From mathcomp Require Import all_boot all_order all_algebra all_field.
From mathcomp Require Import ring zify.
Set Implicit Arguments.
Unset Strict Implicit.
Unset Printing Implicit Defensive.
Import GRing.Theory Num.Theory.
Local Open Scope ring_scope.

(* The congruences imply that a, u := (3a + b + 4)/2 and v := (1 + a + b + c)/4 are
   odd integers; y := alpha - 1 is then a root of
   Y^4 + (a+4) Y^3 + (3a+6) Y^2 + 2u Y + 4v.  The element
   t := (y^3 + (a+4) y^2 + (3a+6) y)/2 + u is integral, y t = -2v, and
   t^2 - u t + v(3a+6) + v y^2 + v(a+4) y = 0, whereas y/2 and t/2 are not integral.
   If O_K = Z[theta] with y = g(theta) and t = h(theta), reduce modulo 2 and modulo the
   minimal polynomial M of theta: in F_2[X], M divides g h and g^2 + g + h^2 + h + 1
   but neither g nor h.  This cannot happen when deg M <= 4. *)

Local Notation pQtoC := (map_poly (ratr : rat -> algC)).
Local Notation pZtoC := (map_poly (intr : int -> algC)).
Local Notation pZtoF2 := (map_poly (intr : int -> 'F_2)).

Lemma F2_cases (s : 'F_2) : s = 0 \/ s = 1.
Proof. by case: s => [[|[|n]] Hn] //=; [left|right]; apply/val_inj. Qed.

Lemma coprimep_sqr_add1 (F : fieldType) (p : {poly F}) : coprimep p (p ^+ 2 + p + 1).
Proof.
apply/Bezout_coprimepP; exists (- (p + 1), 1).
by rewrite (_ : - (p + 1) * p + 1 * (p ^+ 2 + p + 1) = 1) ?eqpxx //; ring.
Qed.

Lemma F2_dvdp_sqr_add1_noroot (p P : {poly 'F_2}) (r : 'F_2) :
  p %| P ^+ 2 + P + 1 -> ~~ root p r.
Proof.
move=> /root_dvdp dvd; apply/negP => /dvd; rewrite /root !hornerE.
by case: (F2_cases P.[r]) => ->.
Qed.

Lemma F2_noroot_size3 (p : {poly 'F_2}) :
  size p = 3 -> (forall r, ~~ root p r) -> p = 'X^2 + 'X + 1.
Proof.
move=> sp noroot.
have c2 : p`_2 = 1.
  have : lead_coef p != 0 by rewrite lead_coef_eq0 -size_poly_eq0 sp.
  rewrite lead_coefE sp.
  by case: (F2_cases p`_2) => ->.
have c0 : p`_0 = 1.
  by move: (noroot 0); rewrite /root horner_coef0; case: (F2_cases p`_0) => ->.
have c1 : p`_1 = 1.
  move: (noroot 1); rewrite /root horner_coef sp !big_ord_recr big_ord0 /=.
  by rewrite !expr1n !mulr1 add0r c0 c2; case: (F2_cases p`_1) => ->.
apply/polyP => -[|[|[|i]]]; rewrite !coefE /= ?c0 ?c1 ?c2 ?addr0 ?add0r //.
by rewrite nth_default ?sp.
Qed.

▸ Prompt
Show all lines in the preceding material that have "Implicit" in them.

▸ Answer section
Set Implicit Arguments.
Unset Strict Implicit.
Unset Printing Implicit Defensive.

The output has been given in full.